Filter the data below for the string "repeat" and copy each matching line.
● ● ● ● ● ● ●
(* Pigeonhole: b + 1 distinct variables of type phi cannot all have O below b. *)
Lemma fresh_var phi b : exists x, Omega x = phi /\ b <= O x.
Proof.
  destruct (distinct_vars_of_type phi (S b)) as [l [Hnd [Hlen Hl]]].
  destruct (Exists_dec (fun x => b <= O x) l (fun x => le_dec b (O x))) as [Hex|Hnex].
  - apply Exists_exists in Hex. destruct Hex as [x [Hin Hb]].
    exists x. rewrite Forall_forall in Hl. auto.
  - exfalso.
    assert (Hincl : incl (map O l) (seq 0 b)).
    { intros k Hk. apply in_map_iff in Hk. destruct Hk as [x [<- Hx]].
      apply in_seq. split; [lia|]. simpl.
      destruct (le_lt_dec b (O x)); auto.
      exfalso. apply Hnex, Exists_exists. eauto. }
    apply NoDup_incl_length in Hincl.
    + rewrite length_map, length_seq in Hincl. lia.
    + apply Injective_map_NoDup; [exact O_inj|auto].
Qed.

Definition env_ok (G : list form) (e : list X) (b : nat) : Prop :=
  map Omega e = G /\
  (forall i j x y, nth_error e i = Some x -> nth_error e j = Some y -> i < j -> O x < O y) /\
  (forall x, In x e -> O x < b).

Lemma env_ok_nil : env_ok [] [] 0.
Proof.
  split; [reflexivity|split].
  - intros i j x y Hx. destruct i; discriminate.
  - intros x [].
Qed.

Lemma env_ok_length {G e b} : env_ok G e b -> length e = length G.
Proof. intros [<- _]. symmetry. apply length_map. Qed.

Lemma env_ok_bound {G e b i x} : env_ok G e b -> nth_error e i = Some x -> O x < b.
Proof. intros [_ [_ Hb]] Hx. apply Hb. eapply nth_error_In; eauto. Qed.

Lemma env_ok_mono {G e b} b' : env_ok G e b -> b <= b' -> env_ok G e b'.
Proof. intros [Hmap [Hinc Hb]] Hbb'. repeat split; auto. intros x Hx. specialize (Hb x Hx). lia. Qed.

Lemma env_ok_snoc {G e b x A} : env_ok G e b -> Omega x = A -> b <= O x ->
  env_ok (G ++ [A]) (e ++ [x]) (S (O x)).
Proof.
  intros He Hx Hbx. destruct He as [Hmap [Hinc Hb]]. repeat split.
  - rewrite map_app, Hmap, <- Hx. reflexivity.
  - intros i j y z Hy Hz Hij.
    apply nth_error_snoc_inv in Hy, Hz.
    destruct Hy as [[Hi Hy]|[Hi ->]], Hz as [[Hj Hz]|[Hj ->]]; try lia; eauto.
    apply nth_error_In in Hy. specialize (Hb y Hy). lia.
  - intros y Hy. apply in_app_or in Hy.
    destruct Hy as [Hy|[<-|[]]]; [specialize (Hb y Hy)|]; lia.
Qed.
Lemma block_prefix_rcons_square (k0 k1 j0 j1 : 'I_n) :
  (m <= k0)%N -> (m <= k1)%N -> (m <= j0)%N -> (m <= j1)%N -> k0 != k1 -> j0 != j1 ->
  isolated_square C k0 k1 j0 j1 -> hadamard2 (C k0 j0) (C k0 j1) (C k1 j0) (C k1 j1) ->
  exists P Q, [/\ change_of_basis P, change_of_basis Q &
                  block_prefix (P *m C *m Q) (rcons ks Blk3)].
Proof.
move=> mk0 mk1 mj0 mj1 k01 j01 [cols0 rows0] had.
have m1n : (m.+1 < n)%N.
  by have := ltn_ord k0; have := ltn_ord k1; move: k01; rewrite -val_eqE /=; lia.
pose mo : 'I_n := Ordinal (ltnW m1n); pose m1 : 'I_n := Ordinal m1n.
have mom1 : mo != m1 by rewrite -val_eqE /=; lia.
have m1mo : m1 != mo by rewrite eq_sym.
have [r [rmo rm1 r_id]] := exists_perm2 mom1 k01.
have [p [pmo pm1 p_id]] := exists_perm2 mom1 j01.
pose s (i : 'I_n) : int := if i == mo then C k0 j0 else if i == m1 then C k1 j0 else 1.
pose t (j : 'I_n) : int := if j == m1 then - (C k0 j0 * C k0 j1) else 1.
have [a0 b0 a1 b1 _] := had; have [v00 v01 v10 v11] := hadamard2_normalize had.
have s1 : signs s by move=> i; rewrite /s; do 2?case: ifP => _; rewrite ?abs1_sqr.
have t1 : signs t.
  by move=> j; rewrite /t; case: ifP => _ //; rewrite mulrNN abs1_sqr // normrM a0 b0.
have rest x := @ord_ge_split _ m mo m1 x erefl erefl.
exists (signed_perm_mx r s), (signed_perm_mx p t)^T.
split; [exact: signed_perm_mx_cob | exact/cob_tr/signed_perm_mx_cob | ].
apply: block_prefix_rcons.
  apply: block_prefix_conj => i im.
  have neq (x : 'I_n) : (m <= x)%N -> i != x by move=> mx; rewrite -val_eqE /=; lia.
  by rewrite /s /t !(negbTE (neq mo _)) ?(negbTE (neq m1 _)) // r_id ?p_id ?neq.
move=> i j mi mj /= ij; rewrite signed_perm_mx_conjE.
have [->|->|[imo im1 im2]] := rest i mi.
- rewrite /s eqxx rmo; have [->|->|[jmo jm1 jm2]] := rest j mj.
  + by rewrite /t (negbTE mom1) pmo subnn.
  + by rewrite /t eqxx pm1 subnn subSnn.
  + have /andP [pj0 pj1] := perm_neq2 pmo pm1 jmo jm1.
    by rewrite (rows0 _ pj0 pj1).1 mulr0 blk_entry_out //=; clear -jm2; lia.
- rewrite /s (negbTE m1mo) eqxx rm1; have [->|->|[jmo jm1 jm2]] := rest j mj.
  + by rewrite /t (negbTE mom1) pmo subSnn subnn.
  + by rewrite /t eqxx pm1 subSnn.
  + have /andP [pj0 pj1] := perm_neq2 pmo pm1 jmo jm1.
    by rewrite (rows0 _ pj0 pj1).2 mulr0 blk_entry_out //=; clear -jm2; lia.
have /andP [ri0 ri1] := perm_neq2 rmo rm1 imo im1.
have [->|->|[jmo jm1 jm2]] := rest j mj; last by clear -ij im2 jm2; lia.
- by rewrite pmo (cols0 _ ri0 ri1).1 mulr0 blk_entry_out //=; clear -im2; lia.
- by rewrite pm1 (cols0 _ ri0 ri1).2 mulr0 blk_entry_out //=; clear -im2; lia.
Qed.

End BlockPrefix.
● ● ● ● ● ● ●
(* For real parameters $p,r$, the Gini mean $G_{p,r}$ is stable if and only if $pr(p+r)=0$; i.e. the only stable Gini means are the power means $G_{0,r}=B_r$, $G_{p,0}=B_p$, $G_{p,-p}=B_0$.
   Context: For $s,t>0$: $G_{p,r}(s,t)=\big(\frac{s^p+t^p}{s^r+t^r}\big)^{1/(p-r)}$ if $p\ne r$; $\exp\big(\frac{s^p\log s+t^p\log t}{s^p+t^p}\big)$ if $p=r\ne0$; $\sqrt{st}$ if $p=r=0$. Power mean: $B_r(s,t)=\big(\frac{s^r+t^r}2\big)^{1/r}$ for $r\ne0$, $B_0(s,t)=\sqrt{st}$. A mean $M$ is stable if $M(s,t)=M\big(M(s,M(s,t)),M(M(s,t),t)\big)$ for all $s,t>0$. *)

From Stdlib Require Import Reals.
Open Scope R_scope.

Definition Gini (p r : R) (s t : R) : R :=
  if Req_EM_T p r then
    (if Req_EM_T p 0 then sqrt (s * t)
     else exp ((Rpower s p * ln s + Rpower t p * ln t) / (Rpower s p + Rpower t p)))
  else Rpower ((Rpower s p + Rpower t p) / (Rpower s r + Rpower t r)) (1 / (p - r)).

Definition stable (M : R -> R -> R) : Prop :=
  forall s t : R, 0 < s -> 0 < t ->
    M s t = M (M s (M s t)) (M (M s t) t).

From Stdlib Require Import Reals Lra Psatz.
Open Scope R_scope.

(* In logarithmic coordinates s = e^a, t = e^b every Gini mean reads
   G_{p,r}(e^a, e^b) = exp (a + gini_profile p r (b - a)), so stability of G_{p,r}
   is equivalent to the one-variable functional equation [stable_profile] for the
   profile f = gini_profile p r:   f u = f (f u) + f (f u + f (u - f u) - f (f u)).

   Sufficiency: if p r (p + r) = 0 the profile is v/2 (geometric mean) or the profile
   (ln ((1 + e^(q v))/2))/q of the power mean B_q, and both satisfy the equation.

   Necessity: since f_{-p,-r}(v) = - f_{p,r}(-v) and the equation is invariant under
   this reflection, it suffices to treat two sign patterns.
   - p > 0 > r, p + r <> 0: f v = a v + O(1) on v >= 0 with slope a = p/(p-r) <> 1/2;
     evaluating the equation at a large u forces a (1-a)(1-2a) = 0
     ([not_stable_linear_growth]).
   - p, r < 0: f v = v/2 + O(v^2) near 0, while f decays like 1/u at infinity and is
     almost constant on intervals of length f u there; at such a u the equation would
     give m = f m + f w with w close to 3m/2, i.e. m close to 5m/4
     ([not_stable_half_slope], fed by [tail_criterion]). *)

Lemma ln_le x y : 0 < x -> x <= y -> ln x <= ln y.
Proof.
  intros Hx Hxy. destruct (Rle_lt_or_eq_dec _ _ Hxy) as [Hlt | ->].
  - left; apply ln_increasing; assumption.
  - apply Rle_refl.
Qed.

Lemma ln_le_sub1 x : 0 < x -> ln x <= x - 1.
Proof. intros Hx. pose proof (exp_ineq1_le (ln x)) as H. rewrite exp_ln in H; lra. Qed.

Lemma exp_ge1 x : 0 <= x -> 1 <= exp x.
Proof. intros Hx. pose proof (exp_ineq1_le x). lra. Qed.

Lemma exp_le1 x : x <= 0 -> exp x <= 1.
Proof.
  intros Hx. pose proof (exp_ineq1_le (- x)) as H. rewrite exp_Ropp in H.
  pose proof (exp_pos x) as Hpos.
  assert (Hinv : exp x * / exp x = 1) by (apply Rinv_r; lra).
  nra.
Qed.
● ● ● ● ● ● ●
Response to the task:
Proof. intros [Hmap [Hinc Hb]] Hbb'. repeat split; auto. intros x Hx. specialize (Hb x Hx). lia. Qed.
  intros He Hx Hbx. destruct He as [Hmap [Hinc Hb]]. repeat split.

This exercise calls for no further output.